Predicting Stock Returns: Random Walk or Herding Behaviour?
Alessandro Zoino CFA
Mr Zoino graduated from Federico II University of Naples (BSc and MSc in Economics) and gained research experiences at Yonsei School of Business and University of Basel. Mr Zoino is Portfolio Manager and Lead Quant Active Asset Allocation at Deutsche Bank. He is a CFA charterholder and member of the CFA Society Luxembourg
Please cite the paper as:
Alessandro Zoino CFA, (2019), Predicting Stock Returns: Random Walk or Herding Behaviour?, World Economics Association (WEA) Conferences, No. 1 2019, Going Digital, 15th November to 16th December, 2019
Abstract
The analysis is based on Efficient Market Hypothesis and predictability of stock returns. Both concepts will be theoretically showed and demonstrated following the most known asset pricing theories and studying the bid/ask spreads. The 3 Efficient Market Hypotheses will be empirically tested through the Technical Analysis and the Fundamental Analysis. The aim of the model is to highlight the Efficient Market Hypothesis’ limits by instructing several tests related to the irrationality of investors, such as the analysis of the noise trading and the respectively effects on volatility, the empirical test of hedging, arbitrage and speculation concepts, the demonstration of the divergence between behavioural finance and expected returns, to conclude with the comparison between random walk and herding behaviour.

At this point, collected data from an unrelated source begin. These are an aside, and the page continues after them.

Lemma bigmin_continuous (T : topologicalType) (F : 'I_m.+1 -> T -> R) t :
  (forall i, {for t, continuous (F i)}) ->
  {for t, continuous (fun s => \big[Num.min/F ord0 s]_(i < m.+1) F i s)}.
Proof.
move=> Fc; rewrite /prop_for /continuous_at.
elim: (index_enum _) => [|i r IHr].
  by under eq_fun do rewrite big_nil; rewrite big_nil; exact: Fc.
under eq_fun do rewrite big_cons; rewrite big_cons.
exact: continuous_min (Fc i) IHr.
Qed.

Lemma bigmin_midconcave n (S : set 'rV[R]_n) k (F : 'I_m.+1 -> 'rV[R]_n -> R) :
  (forall i, strongly_midconcave S k (F i)) ->
  strongly_midconcave S k (fun y => \big[Num.min/F ord0 y]_(i < m.+1) F i y).
Proof.
move=> Fconc y z Sy Sz.
suff le_F i : (\big[Num.min/F ord0 y]_(i < m.+1) F i y
    + \big[Num.min/F ord0 z]_(i < m.+1) F i z) / 2 + k * sqnorm (y - z)
    <= F i (mid y z).
  by apply: le_bigmin => [|i _]; exact: le_F.
apply: le_trans (Fconc i y z Sy Sz); rewrite lerD2r ler_pM2r ?invr_gt0 //.
by apply: lerD; exact: bigmin_le.
Qed.

End FiniteMinimum.

Lemma convex_fun_lower_bound (R : realType) n (S : set 'rV[R]_n) g x :
  convex_set_on S -> convex_fun_on S g -> S x -> g @ within S (nbhs x) --> g x ->
  exists b, forall y, S y -> g x - 1 - b * `|x - y| <= g y.
Proof.
move=> Sconv gconv Sx /cvgrPdist_lt /(_ _ ltr01) /nbhs_ballP[d /= d_gt0 gd].
have near_x z : S z -> `|x - z| < d -> g x - 1 < g z.
  move=> Sz xz; have := gd z; rewrite -ball_normE /= => /(_ xz Sz).
  by rewrite ltr_norml => /andP[_]; lra.
exists (2 / d) => y Sy; set r := `|x - y|.
have r_ge0 : 0 <= r := normr_ge0 _.
have [r_lt|r_ge] := ltP r d.
  have := near_x y Sy r_lt; have : 0 <= 2 / d * r by rewrite mulr_ge0 ?divr_ge0 // ltW.
  lra.
have r_gt0 : 0 < r := lt_le_trans d_gt0 r_ge.
set t := d / (2 * r).
have t_gt0 : 0 < t by rewrite divr_gt0 ?mulr_gt0.
have t_le1 : t <= 1 by rewrite ler_pdivrMr ?mulr_gt0 // mul1r; lra.
have Sz : S (t *: y + (1 - t) *: x) by apply: Sconv; rewrite // (ltW t_gt0) t_le1.
have : `|x - (t *: y + (1 - t) *: x)| < d.
  have -> : x - (t *: y + (1 - t) *: x) = t *: (x - y).
    by apply/rowP => j; rewrite !mxE; ring.
  rewrite mx_normZ gtr0_norm // -/r (_ : t * r = d / 2); first lra.
  by rewrite /t; field; rewrite gt_eqF.
move=> /(near_x _ Sz); have := gconv y x t Sy Sx; rewrite ltW ?t_le1 // => /(_ isT).
move=> conv lt_gz; have : t * (g x - g y) < 1 by lra.
rewrite -ltr_pdivlMl // (_ : t^-1 = 2 / d * r); first lra.
by rewrite /t invf_div; field; rewrite gt_eqF.
Qed.
(* Let $n\ge2$ and let $S=S_1S_2\cdots$ be as defined in the context. Suppose $\mathrm{PPM}^*$ has already processed $S_1\cdots S_{n-1}$. Then once it has processed the first $2^n+n$ bits of $S_n$ (i.e. $S_n[0..2^n+n-1]$), its model contains a context for every $w\in\{0,1\}^n$.
   Context: Strings are indexed from $0$; $x[i..j]$ is the substring from position $i$ to $j$; $x^j$ is $j$-fold concatenation. de Bruijn strings: for $n\ge1$, a de Bruijn string of order $n$ is a binary string $x$ of length $2^n$ such that every $w\in\{0,1\}^n$ occurs exactly once as a substring of $x\cdot x[0..n-2]$. $db(n)$ is the lexicographically least one, produced by Martin's algorithm: start with $x=1^{n-1}$; while possible, append a bit (preferring $0$ over $1$) so that all length-$n$ substrings of $x$ remain distinct; then delete the prefix $1^{n-1}$. For $0\le i<2^n$, $db_i(n)=db(n)[i..2^n-1]\cdot db(n)[0..i-1]$. The sequence $S$: for $n\ge1$ write $n=2^st$ with $t$ odd, let $B_{n,i}=db_i(n)^t$ for $0\le i<2^s$, $S_n=B_{n,0}B_{n,1}\cdots B_{n,2^s-1}$, and $S=S_1S_2\cdots$. The $\mathrm{PPM}^*$ model after reading a prefix $x$: each stored context $c$ records, for each bit $b$, the number of occurrences of $cb$ in $x$. The stored contexts are the empty context and, whenever a string $w$ occurs at least twice as a substring of $x$, the contexts $wb$ for each bit $b$ such that $wb$ occurs in $x$ followed by a further bit (a context is only created once a bit following it has been seen, so that it has a prediction). The model is updated after each bit read. *)

From mathcomp Require Import all_boot.
Set Implicit Arguments. Unset Strict Implicit. Unset Printing Implicit Defensive.

(* Bits: 0 = false, 1 = true. Strings are seq bool, indexed from 0. *)

Definition windows (n : nat) (x : seq bool) : seq (seq bool) :=
  [seq take n (drop i x) | i <- iota 0 ((size x).+1 - n)].

Definition martin_step (n : nat) (x : seq bool) : seq bool :=
  if uniq (windows n (rcons x false)) then rcons x false
  else if uniq (windows n (rcons x true)) then rcons x true
  else x.

(* At most 2^n bits can be appended (there are 2^n distinct length-n words),
   so 2^n iterations suffice; further iterations would be no-ops. *)
Definition martin (n : nat) : seq bool :=
  iter (2 ^ n) (martin_step n) (nseq n.-1 true).

Definition db (n : nat) : seq bool := drop n.-1 (martin n).

Definition dbi (n i : nat) : seq bool := rot i (db n).

(* n = 2^s t with t odd *)
Definition sexp (n : nat) : nat := logn 2 n.
Definition todd (n : nat) : nat := n %/ 2 ^ sexp n.

Definition Bblock (n i : nat) : seq bool := flatten (nseq (todd n) (dbi n i)).
Definition Sblock (n : nat) : seq bool :=
  flatten [seq Bblock n i | i <- iota 0 (2 ^ sexp n)].

Definition Sprefix (n : nat) : seq bool :=
  flatten [seq Sblock k | k <- iota 1 n.-1].

Definition occ (w x : seq bool) : nat :=
  count (fun i => take (size w) (drop i x) == w) (iota 0 ((size x).+1 - size w)).

Definition substr (w x : seq bool) : Prop := 0 < occ w x.

Definition ppm_context (x c : seq bool) : Prop :=
  c = [::] \/
  exists (w : seq bool) (b : bool),
    c = rcons w b /\ 2 <= occ w x /\ exists b' : bool, substr (rcons (rcons w b) b') x.

(* Martin's prefer-zero algorithm, started from 1^(n-1), keeps its length-n windows
   distinct and zero-closed (if v1 is a window, so is v0).  Counting the
   (n-1)-windows as left and as right ends of n-windows shows that it can only stop
   at the suffix 1^(n-1), and that every (n-1)-word then has both extensions; so
   1^(n-1) db(n) contains every n-word and, since db(n) ends with 1^(n-1), every
   n-word occurs in db(n) followed by its own first n-1 bits.  S_n starts with db(n)
   followed by db(n) or db_1(n), both beginning with the first n-1 bits of db(n), so
   its first 2^n+n bits contain every n-word followed by one more bit.  For w = u b
   this gives two occurrences of u (followed by 0 and by 1) and an occurrence of w
   followed by a bit, which is what PPM* needs to store the context w. *)

From mathcomp Require Import all_boot zify.
Set Implicit Arguments. Unset Strict Implicit. Unset Printing Implicit Defensive.

Definition lastn (k : nat) (x : seq bool) : seq bool := drop (size x - k) x.

Lemma size_lastn (k : nat) (x : seq bool) : k <= size x -> size (lastn k x) = k.
Proof. by move=> le_kx; rewrite size_drop subKn. Qed.

Lemma size_windows (n : nat) (x : seq bool) : size (windows n x) = (size x).+1 - n.
Proof. by rewrite size_map size_iota. Qed.

Lemma windowsP (n : nat) (x w : seq bool) :
  reflect (exists2 i, i + n <= size x & take n (drop i x) = w) (w \in windows n x).
Proof.
apply: (iffP mapP) => [[i] | [i le_x <-]].
  by rewrite mem_iota /= ltn_subRL ltnS addnC => le_x ->; exists i.
by exists i; rewrite // mem_iota /= ltn_subRL ltnS addnC.
Qed.

Lemma mem_windows (n : nat) (x w : seq bool) :
  (w \in windows n x) = (size w == n) && infix w x.
Proof.
apply/windowsP/andP => [[i le_x <-] | [/eqP sw /infixP[s [s' def_x]]]].
  split; first by rewrite size_takel // size_drop; lia.
  by apply/infixP; exists (take i x), (drop n (drop i x)); rewrite !cat_take_drop.
exists (size s); last by rewrite def_x drop_size_cat // take_size_cat.
by rewrite def_x !size_cat sw addnA leq_addr.
Qed.

Lemma windows_rcons (k : nat) (x : seq bool) (b : bool) : k <= size x ->
  windows k.+1 (rcons x b) = rcons (windows k.+1 x) (rcons (lastn k x) b).
Proof.
move=> le_kx; rewrite /windows size_rcons.
have -> : (size x).+2 - k.+1 = ((size x).+1 - k.+1) + 1 by lia.
rewrite iotaD map_cat cats1 /= add0n; congr rcons.
  apply/eq_in_map => i; rewrite mem_iota => /andP[_ lt_i].
  rewrite -cats1 drop_cat ifT; last by lia.
  by rewrite takel_cat // size_drop; lia.
rewrite subSS drop_rcons ?leq_subr // take_oversize //.
by rewrite size_rcons size_lastn.
Qed.

Lemma windows_take (k : nat) (x : seq bool) : k <= size x ->
  windows k x = rcons (map (take k) (windows k.+1 x)) (lastn k x).
Proof.
move=> le_kx; rewrite /windows.
have -> : (size x).+1 - k = ((size x).+1 - k.+1) + 1 by lia.
rewrite iotaD map_cat cats1 /= -map_comp; congr rcons.
  by apply/eq_map => i /=; rewrite take_takel.
by rewrite add0n take_oversize // size_drop; lia.
Qed.

Lemma windows_behead (k : nat) (x : seq bool) : k <= size x ->
  windows k x = take k x :: map behead (windows k.+1 x).
Proof.
move=> le_kx; rewrite /windows.
have -> : (size x).+1 - k = 1 + ((size x).+1 - k.+1) by lia.
rewrite iotaD map_cat /= drop0 (iotaDl 1 0) -!map_comp; congr cons.
by apply/eq_map => i /=; rewrite -drop_drop drop1; case: (drop i x).
Qed.
Theorem mainTheorem3 :
  (forall (m n : int) (r : nat), c_mn m n r = b_mn m n r + b_mn m n r.+1) /\
  (forall (n : int) (r : nat), r%:Z <= n ->
     q ^ ((n - r%:Z) * r%:Z) * qbinom n r%:Z =
     \sum_(s < r.+1)
       (Pi * q ^+ 2) ^ ((n - r%:Z) * (r%:Z - s%:Z)) *
       q ^ ((n - r%:Z - 1) * s%:Z) *
       qbinom (n - r%:Z + s%:Z - 1) s%:Z).
Proof. by split; [exact: c_mn_sum_b_mn | exact: qbinom_expansion]. Qed.
Lemma rank_cap_rank T : is_chain s -> T \in s -> T != set0 -> rank_cap s (rank T) = T.
Proof.
move=> ch sT T_neq0; have T_gt0 : 0 < #|T| by rewrite card_gt0.
apply/eqP; rewrite eqEsubset; apply/andP; split.
  by rewrite /rank_cap; apply: bigcap_inf; rewrite sT rankE ltn_predL.
apply/subsetP => x Tx; apply/bigcapP => T' /andP [sT' lt_T'].
by apply: (subsetP (chain_sub_card ch sT sT' _)); rewrite // -(prednK T_gt0) -rankE.
Qed.

End RankCap.

Definition chain_vertex m (s : fam m) (i : 'I_m.+1) : subs m :=
  nonempty_sub (if is_chain s then rank_cap s i else setT).

Lemma chain_vertex_mono m (s : fam m) (i j : 'I_m.+1) :
  i <= j -> sval (chain_vertex s i) \subset sval (chain_vertex s j).
Proof.
rewrite /chain_vertex; case: ifP => [ch|_] le_ij; last by [].
by rewrite !nonempty_subE ?rank_cap_neq0 ?rank_cap_mono.
Qed.

Definition chain_simplex m (s : fam m) : Nerve (SubPoset m) m :=
  exist _ (chain_vertex s) (@chain_vertex_mono m s).

Lemma chain_simplexE m (s : fam m) T :
  is_chain s -> T \in s -> T != set0 -> sval (sval (chain_simplex s) (rank T)) = T.
Proof.
move=> ch sT T_neq0.
by rewrite /= /chain_vertex ch nonempty_subE ?rank_cap_neq0 ?rank_cap_rank.
Qed.

Definition face_chain m k (t : Nerve (SubPoset m) k) (S : {set 'I_k.+1}) : fam m :=
  [set sval (sval t x) | x in S].

Definition fam_image m m' (f : 'I_m'.+1 -> 'I_m.+1) (s : fam m') : fam m :=
  [set f @: T | T : {set 'I_m'.+1} in s].

Lemma sd2_vertex_face_chain m k (t : Nerve (SubPoset m) k) S :
  S != set0 -> sd2_vertex (face_chain t S).
Proof.
move=> /set0Pn [x0 Sx0]; apply/and3P; split.
- by apply/set0Pn; exists (sval (sval t x0)); apply: imset_f.
- by apply/imsetP => -[x _ /esym/eqP]; apply/negP; apply: (svalP (sval t x)).
apply/forall_inP => _ /imsetP [x _ ->]; apply/forall_inP => _ /imsetP [y _ ->].
by case: (leqP x y) => [/(svalP t) -> | /ltnW /(svalP t) ->]; rewrite ?orbT.
Qed.

Lemma face_chain_simplex m (s s' : fam m) :
  sd2_vertex s' -> s \subset s' -> face_chain (chain_simplex s') (chain_ranks s) = s.
Proof.
move=> /[dup] v' /and3P [_ _ ch] ss'.
have simplexE T : T \in s -> sval (sval (chain_simplex s') (rank T)) = T.
  move=> sT; have s'T := subsetP ss' T sT.
  by rewrite chain_simplexE // (sd2_vertex_neq0 v').
apply/setP => T; apply/imsetP/idP => [[_ /imsetP [T' sT' ->] ->]|sT].
  by rewrite simplexE.
by exists (rank T); [apply: imset_f | rewrite simplexE].
Qed.

Lemma face_chain_smap m k k' (d : dmono k' k) (t : Nerve (SubPoset m) k) S :
  face_chain (smap d t) S = face_chain t (sval d @: S).
Proof. by rewrite /face_chain -imset_comp. Qed.

Lemma face_chain_push m m' (d : dmono m' m) k (t : Nerve (SubPoset m') k) S :
  face_chain (NerveMap (SubPush d) k t) S = fam_image (sval d) (face_chain t S).
Proof. by rewrite /face_chain /fam_image -imset_comp. Qed.

Lemma sd2_vertex_image m m' (f : 'I_m'.+1 -> 'I_m.+1) (s : fam m') :
  sd2_vertex s -> sd2_vertex (fam_image f s).
Proof.
case/and3P => /set0Pn [T0 sT0] s0 ch; apply/and3P; split.
- by apply/set0Pn; exists (f @: T0); apply: imset_f.
- apply/imsetP => -[T sT /esym/eqP]; rewrite imset_eq0; apply/negP.
  by apply: contraNneq s0 => <-.
apply/forall_inP => _ /imsetP [T1 sT1 ->]; apply/forall_inP => _ /imsetP [T2 sT2 ->].
by case/orP: (chainP ch sT1 sT2) => /(imsetS f) ->; rewrite ?orbT.
Qed.

Lemma fam_image_comp m m' m'' (f : 'I_m'.+1 -> 'I_m.+1) (g : 'I_m''.+1 -> 'I_m'.+1)
    (s : fam m'') :
  fam_image (f \o g) s = fam_image f (fam_image g s).
Proof. by rewrite /fam_image -imset_comp; apply: eq_imset => T; apply: imset_comp. Qed.

Lemma fam_image_id m (f : 'I_m.+1 -> 'I_m.+1) (s : fam m) :
  {in \bigcup_(T in s) T, f =1 id} -> fam_image f s = s.
Proof.
move=> f_id; have imE T : T \in s -> f @: T = T.
  move=> sT; rewrite -[RHS]imset_id; apply: eq_in_imset => x Tx.
  by apply: f_id; apply/bigcupP; exists T.
apply/setP => T; apply/imsetP/idP => [[T' sT' ->]|sT]; first by rewrite imE.
by exists T; rewrite ?imE.
Qed.

Definition point (R : Poset) (r : R) : Nerve R 0.
Proof. by exists (fun _ => r) => *; apply: ple_refl. Defined.

Lemma edge_mono (R : Poset) (x y : R) : ple x y ->
  forall i j : 'I_2, i <= j ->
    ple (if i == ord0 then x else y) (if j == ord0 then x else y).
Proof. by move=> le_xy [[|[|?]] ?] [[|[|?]] ?] //= _; apply: ple_refl. Qed.

Definition edge (R : Poset) (x y : R) (le_xy : ple x y) : Nerve R 1.
Proof. exact: exist _ _ (edge_mono le_xy). Defined.

Lemma nerve_map_vertex (R P : Poset) (phi : sMap (Nerve R) (Nerve P)) j (p : Nerve R j) i :
  sval (phi j p) i = sval (phi 0 (point (sval p i))) ord0.
Proof.
pose c : dmono 0 j :=
  exist (fun f : 'I_1 -> 'I_j.+1 => forall a b : 'I_1, a <= b -> f a <= f b)
    (fun _ => i) (fun _ _ _ => leqnn i).
have -> : point (sval p i) = smap c p by apply: sig_fun_eq.
by rewrite (snat phi c p).
Qed.

Section Ex2Vertices.

Variable P : Poset.

(* An [m]-simplex [Th] of Ex^2 N P is a simplicial map sd^2 Delta^m -> N P:
   [ex2_eval Th t p i] is its value at the [i]-th vertex of [p], a simplex of
   sd Delta^k lying over the simplex [t] of sd Delta^m, and [ex2_val Th s] its
   value at the vertex of sd^2 Delta^m given by the chain [s]. *)
Definition ex2_eval m (Th : Ex (Ex (Nerve P)) m) k (t : Nerve (SubPoset m) k)
    j (p : Nerve (SubPoset k) j) (i : 'I_j.+1) : P :=
  sval (((Th : sMap (Nerve (SubPoset m)) (Ex (Nerve P))) k t
           : sMap (Nerve (SubPoset k)) (Nerve P)) j p) i.

Lemma ex2_eval_mono m (Th : Ex (Ex (Nerve P)) m) k (t : Nerve (SubPoset m) k)
    j (p : Nerve (SubPoset k) j) (i i' : 'I_j.+1) :
  i <= i' -> ple (ex2_eval Th t p i) (ex2_eval Th t p i').
Proof.
exact: (svalP (((Th : sMap (Nerve (SubPoset m)) (Ex (Nerve P))) k t
                  : sMap (Nerve (SubPoset k)) (Nerve P)) j p)).
Qed.

Definition ex2_val m (Th : Ex (Ex (Nerve P)) m) (s : fam m) : P :=
  ex2_eval Th (chain_simplex s) (@point (SubPoset _) (nonempty_sub (chain_ranks s))) ord0.

Lemma ex2_eval_smap m (Th : Ex (Ex (Nerve P)) m) k k' (d : dmono k' k)
    (t : Nerve (SubPoset m) k) j (p : Nerve (SubPoset k') j) i :
  ex2_eval Th (smap d t) p i = ex2_eval Th t (NerveMap (SubPush d) j p) i.
Proof. by rewrite /ex2_eval (snat Th d t). Qed.

Lemma point_retract k (S : subs k) :
  @point (SubPoset k) S =
    NerveMap (SubPush (retract_delta (sval S))) 0 (@point (SubPoset _) (nonempty_sub setT)).
Proof.
apply: sig_fun_eq => x; apply: sig_eq.
by rewrite /= nonempty_subE ?setT_neq0 // retract_image //; apply: (svalP S).
Qed.

Lemma smap_retract_face m k (t : Nerve (SubPoset m) k) (S : {set 'I_k.+1}) :
  S != set0 -> exists2 eps : dmono k m,
    smap (retract_delta S) t = smap eps (chain_simplex (face_chain t S))
    & sval eps @: setT = chain_ranks (face_chain t S).
Proof.
move=> S_neq0; set s := face_chain t S.
pose vtx x := sval (sval t (retract S x)).
have eps_mono (x y : 'I_k.+1) : x <= y -> rank (vtx x) <= rank (vtx y).
  by move=> le_xy; apply/rank_mono/(svalP t)/retract_mono.
have s_vtx x : vtx x \in s by apply: imset_f; apply: retract_mem.
exists (exist _ _ eps_mono).
  apply: sig_fun_eq => x; apply: sig_eq => /=.
  rewrite -/(vtx x) chain_simplexE ?s_vtx //; last exact: (svalP (sval t _)).
  by case/and3P: (sd2_vertex_face_chain t S_neq0).
apply/setP => T; apply/imsetP/imsetP => [[x _ ->]|[_ /imsetP [y Sy ->] ->]].
  by exists (vtx x); first exact: s_vtx.
by exists y; rewrite ?in_setT //= /vtx retract_id.
Qed.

The test is meaningful, but, even the theories tested herein are all “proved” or “falsified”, none of them is appropriate. How does stock market run? We need a comprehensive framework theory to clarify everything mentioned in the paper, which lead to an all-in-one economics-Algorithmic Economics. Economics have wandered for too long times, and should not go in old ways any more! Economists should not flatter the literature traditions any longer while reiterating “critics”, and should not suspect and reject new things while reiterating “innovation”!